Stored items:
↓↓↓

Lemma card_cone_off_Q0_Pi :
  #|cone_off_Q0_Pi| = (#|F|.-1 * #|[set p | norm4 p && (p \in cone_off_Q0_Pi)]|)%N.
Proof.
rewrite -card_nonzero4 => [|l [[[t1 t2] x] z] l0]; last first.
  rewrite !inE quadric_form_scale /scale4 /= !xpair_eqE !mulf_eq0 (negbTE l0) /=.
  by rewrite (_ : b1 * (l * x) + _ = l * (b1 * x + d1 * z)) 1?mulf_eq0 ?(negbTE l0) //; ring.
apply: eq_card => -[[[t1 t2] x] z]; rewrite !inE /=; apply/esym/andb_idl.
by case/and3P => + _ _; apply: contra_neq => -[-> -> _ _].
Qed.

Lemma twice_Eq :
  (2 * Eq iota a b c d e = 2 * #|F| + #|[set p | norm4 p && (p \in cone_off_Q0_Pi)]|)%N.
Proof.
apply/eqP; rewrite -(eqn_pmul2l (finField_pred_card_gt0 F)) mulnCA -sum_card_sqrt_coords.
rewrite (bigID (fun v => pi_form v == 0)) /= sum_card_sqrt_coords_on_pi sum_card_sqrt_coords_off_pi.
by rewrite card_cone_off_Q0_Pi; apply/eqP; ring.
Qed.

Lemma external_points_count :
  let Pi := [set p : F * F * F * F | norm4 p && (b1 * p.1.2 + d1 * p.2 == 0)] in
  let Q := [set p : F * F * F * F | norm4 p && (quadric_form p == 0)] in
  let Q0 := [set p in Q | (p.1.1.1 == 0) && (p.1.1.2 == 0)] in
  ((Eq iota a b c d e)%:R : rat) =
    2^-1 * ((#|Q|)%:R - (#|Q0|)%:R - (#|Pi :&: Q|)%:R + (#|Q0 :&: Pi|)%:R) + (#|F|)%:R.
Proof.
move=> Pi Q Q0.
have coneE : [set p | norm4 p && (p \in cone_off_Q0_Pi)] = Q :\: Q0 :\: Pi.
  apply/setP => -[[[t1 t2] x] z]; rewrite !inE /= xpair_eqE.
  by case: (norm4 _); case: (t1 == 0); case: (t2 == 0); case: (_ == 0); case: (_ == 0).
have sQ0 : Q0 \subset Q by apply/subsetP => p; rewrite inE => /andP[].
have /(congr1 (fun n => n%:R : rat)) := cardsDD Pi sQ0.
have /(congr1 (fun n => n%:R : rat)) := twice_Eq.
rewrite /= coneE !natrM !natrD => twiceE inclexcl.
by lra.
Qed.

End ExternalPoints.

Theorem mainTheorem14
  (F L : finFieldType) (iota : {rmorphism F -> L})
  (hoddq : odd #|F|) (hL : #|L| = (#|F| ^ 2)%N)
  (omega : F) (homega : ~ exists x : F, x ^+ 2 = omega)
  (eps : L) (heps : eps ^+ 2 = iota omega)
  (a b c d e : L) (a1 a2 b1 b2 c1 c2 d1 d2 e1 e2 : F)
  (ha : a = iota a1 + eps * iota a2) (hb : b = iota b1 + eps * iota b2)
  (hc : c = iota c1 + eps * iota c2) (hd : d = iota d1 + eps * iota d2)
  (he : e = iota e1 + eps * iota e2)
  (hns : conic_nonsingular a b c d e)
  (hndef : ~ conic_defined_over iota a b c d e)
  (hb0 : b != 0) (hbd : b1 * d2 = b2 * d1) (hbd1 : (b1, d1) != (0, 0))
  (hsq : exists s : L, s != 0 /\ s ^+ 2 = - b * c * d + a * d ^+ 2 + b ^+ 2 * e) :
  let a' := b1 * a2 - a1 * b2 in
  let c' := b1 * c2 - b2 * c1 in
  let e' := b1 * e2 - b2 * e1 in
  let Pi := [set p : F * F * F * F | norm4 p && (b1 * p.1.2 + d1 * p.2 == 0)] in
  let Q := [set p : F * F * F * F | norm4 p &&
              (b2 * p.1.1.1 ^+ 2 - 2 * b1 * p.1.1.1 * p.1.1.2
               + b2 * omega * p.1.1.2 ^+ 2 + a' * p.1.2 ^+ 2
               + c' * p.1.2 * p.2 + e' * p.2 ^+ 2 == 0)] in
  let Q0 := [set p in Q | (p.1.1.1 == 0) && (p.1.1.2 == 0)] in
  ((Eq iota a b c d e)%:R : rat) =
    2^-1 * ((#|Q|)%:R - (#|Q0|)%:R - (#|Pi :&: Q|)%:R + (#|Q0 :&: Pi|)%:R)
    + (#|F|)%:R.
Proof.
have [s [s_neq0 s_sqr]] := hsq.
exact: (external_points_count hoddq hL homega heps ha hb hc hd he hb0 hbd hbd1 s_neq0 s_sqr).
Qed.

↑↑↑

From the line that contains "have [s [s_neq0 s_sqr]] := hsq." through the final line of the entries above, every line must be reproduced exactly and nothing more.

have [s [s_neq0 s_sqr]] := hsq.
exact: (external_points_count hoddq hL homega heps ha hb hc hd he hb0 hbd hbd1 s_neq0 s_sqr).
Qed.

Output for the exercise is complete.